Lemma iter_congr {d a b} i : (d %| a - b)%Z -> (d %| iter i F a - iter i F b)%Z.
Proof. by move=> ab; elim: i => //= i IH; apply: F_congr. Qed.

Lemma iter_period_shift {d y k k' P} :
  (d %| iter (k + P) F y - iter k F y)%Z -> (k <= k')%N ->
  (d %| iter (k' + P) F y - iter k' F y)%Z.
Proof.
move=> Py kk'; rewrite -(subnK kk') -addnA !(iterD (k' - k)).
exact: iter_congr.
Qed.

Lemma iter_period_mul {d y k P} j :
  (d %| iter (k + P) F y - iter k F y)%Z -> (d %| iter (k + P * j) F y - iter k F y)%Z.
Proof.
move=> Py; elim: j => [|j IH]; first by rewrite muln0 addn0 subrr dvdz0.
rewrite -(subrKA (iter (k + P * j) F y)) rpredD // mulnS addnCA addnC.
exact: iter_period_shift Py (leq_addr _ _).
Qed.

End IteratePeriods.

Section CycleLength.
Context {T : finType} (h : T -> T).

Lemma cycle_len_eperiod y : is_eperiod h y (cycle_len h y).
Proof. by rewrite /cycle_len; case: ex_minnP => l /asboolP. Qed.

Lemma cycle_len_min {y l} : is_eperiod h y l -> cycle_len h y <= l.
Proof. by move=> yl; rewrite /cycle_len; case: ex_minnP => m _; apply; apply/asboolP. Qed.

Lemma iter_eperiod_shift {y k k' l} :
  iter k h y = iter (k + l) h y -> k <= k' -> iter k' h y = iter (k' + l) h y.
Proof. by move=> E kk'; rewrite -(subnK kk') -addnA !(iterD (k' - k)) E. Qed.

Lemma iter_eperiod_mul {y k k' l} j :
  iter k h y = iter (k + l) h y -> k <= k' -> iter k' h y = iter (k' + l * j) h y.
Proof.
move=> E kk'; elim: j => [|j IH]; first by rewrite muln0 addn0.
rewrite mulnS addnCA addnC -(iter_eperiod_shift E (leq_trans kk' (leq_addr _ _))).
exact: IH.
Qed.

Lemma cycle_len_dvd y l : is_eperiod h y l -> cycle_len h y %| l.
Proof.
have [c_gt0 [k1 E1]] := cycle_len_eperiod y; set c := cycle_len h y in c_gt0 E1 *.
case=> l_gt0 [k2 E2]; set K := k1 + k2.
have EK : iter K h y = iter (K + l) h y := iter_eperiod_shift E2 (leq_addl _ _).
have Er : iter K h y = iter (K + l %% c) h y.
  have Kk1 : k1 <= K + l %% c by rewrite -addnA leq_addr.
  rewrite EK (iter_eperiod_mul (l %/ c) E1 Kk1) {1}(divn_eq l c).
  congr iter; lia.
case: (posnP (l %% c)) => [r0|r_gt0]; first by rewrite /dvdn r0.
have := cycle_len_min (conj r_gt0 (ex_intro _ K Er)).
by rewrite leqNgt ltn_pmod.
Qed.

Lemma iter_cycle_inj {y k} :
  iter k h y = iter (k + cycle_len h y) h y ->
  injective (fun i : 'I_(cycle_len h y) => iter (k + i) h y).
Proof.
move=> Ek.
have lt_neq (i j : 'I_(cycle_len h y)) : i < j -> iter (k + i) h y <> iter (k + j) h y.
  move=> ij Eij.
  have Eji : iter (k + i) h y = iter (k + i + (j - i)) h y.
    by rewrite Eij; congr iter; lia.
  have ji_gt0 : 0 < j - i by rewrite subn_gt0.
  have := cycle_len_min (conj ji_gt0 (ex_intro _ (k + i) Eji)).
  by have := ltn_ord j; lia.
move=> i j /= Eij; apply: val_inj.
by case: (ltngtP i j) => // [/lt_neq | /lt_neq]; rewrite Eij.
Qed.

Lemma cycle_len_le_card y : cycle_len h y <= #|T|.
Proof.
have [_ [k Ek]] := cycle_len_eperiod y.
by have := leq_card _ (iter_cycle_inj Ek); rewrite card_ord.
Qed.

Lemma cycle_len_eq_card y : cycle_len h y = #|T| -> full_cyclic_perm h.
Proof.
have [c_gt0 [k Ek]] := cycle_len_eperiod y; have inj := iter_cycle_inj Ek.
set c := cycle_len h y in c_gt0 Ek inj * => cT.
have onto t : exists i : 'I_c, t = iter (k + i) h y.
  have cardT : #|T| <= #|'I_c| by rewrite card_ord cT.
  by have /codomP[i ->] := inj_card_onto inj cardT t; exists i.
have period t : iter c h t = t.
  have [i ->] := onto t; rewrite -iterD (_ : c + (k + i) = i + (k + c)); last by lia.
  by rewrite iterD -Ek -iterD addnC.
split.
  exists (iter c.-1 h) => t; first by rewrite -iterSr prednK ?period.
  by rewrite -iterS prednK ?period.
move=> x z; have [i ->] := onto x; have [j ->] := onto z; exists (j + (c - i)).
rewrite -iterD (_ : j + (c - i) + (k + i) = j + (k + c)); last by have := ltn_ord i; lia.
by rewrite iterD -Ek -iterD addnC.
Qed.

End CycleLength.

Section Modular.
Local Open Scope ring_scope.

Lemma red_map_iter (f : {poly int}) (m : nat) (y : 'I_m) k :
  (iter k (red_map f m) y : int) = (iter k (horner f) (y : int) %% m)%Z.
Proof.
have m_gt0 : (0 < m)%N by case: m y => [[]|].
elim: k => [|k IH] /=; first by rewrite modz_small // ltz_nat ltn_ord.
rewrite -modz_nat gez0_abs ?modz_ge0 -?lt0n // modz_mod IH.
by apply/eqP; rewrite eqz_mod_dvd horner_congr // -eqz_mod_dvd modz_mod.
Qed.

Lemma red_map_iter_eq (f : {poly int}) (m : nat) (y : 'I_m) k k' :
  iter k (red_map f m) y = iter k' (red_map f m) y <->
  (m%:Z %| iter k (horner f) (y : int) - iter k' (horner f) (y : int))%Z.
Proof.
rewrite -eqz_mod_dvd -!red_map_iter; split; first by move=> ->.
by move/eqP => [] /val_inj.
Qed.

Lemma fermat_int {p : nat} {a : int} : prime p -> ~~ (p%:Z %| a)%Z ->
  (p%:Z %| a ^+ p.-1 - 1)%Z.
Proof.
move=> p_pr pNa; have p_gt0 := prime_gt0 p_pr.
have [r rE] : exists r : nat, r%:Z = (a %% p)%Z.
  by exists `|(a %% p)%Z|%N; rewrite gez0_abs // modz_ge0 // -lt0n.
have r_cop : coprime r p.
  have r_lt : (r < p)%N by rewrite -ltz_nat rE ltz_pmod.
  have r_gt0 : (0 < r)%N.
    by rewrite lt0n; apply: contra pNa => /eqP r0; apply/dvdz_mod0P; rewrite -rE r0.
  by rewrite coprime_sym prime_coprime // gtnNdvd.
have Er : (p%:Z %| r%:Z ^+ p.-1 - 1)%Z.
  have := Euler_exp_totient r_cop; rewrite totient_prime // => Er.
  by rewrite -eqz_mod_dvd -[r%:Z]natz -natrX natz modz_nat Er modz_nat.
have Ear : (p%:Z %| a - r%:Z)%Z by rewrite rE -eqz_mod_dvd modz_mod.
rewrite -(subrKA (r%:Z ^+ p.-1)) rpredD //.
by apply: dvdz_trans Ear _; rewrite subrXX dvdz_mulr.
Qed.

──────────

■ **WORK TO COMPLETE**: Count how many lines in the data contain the word "elim", giving the number without comment.

■ **WRITTEN SOLUTION**: 4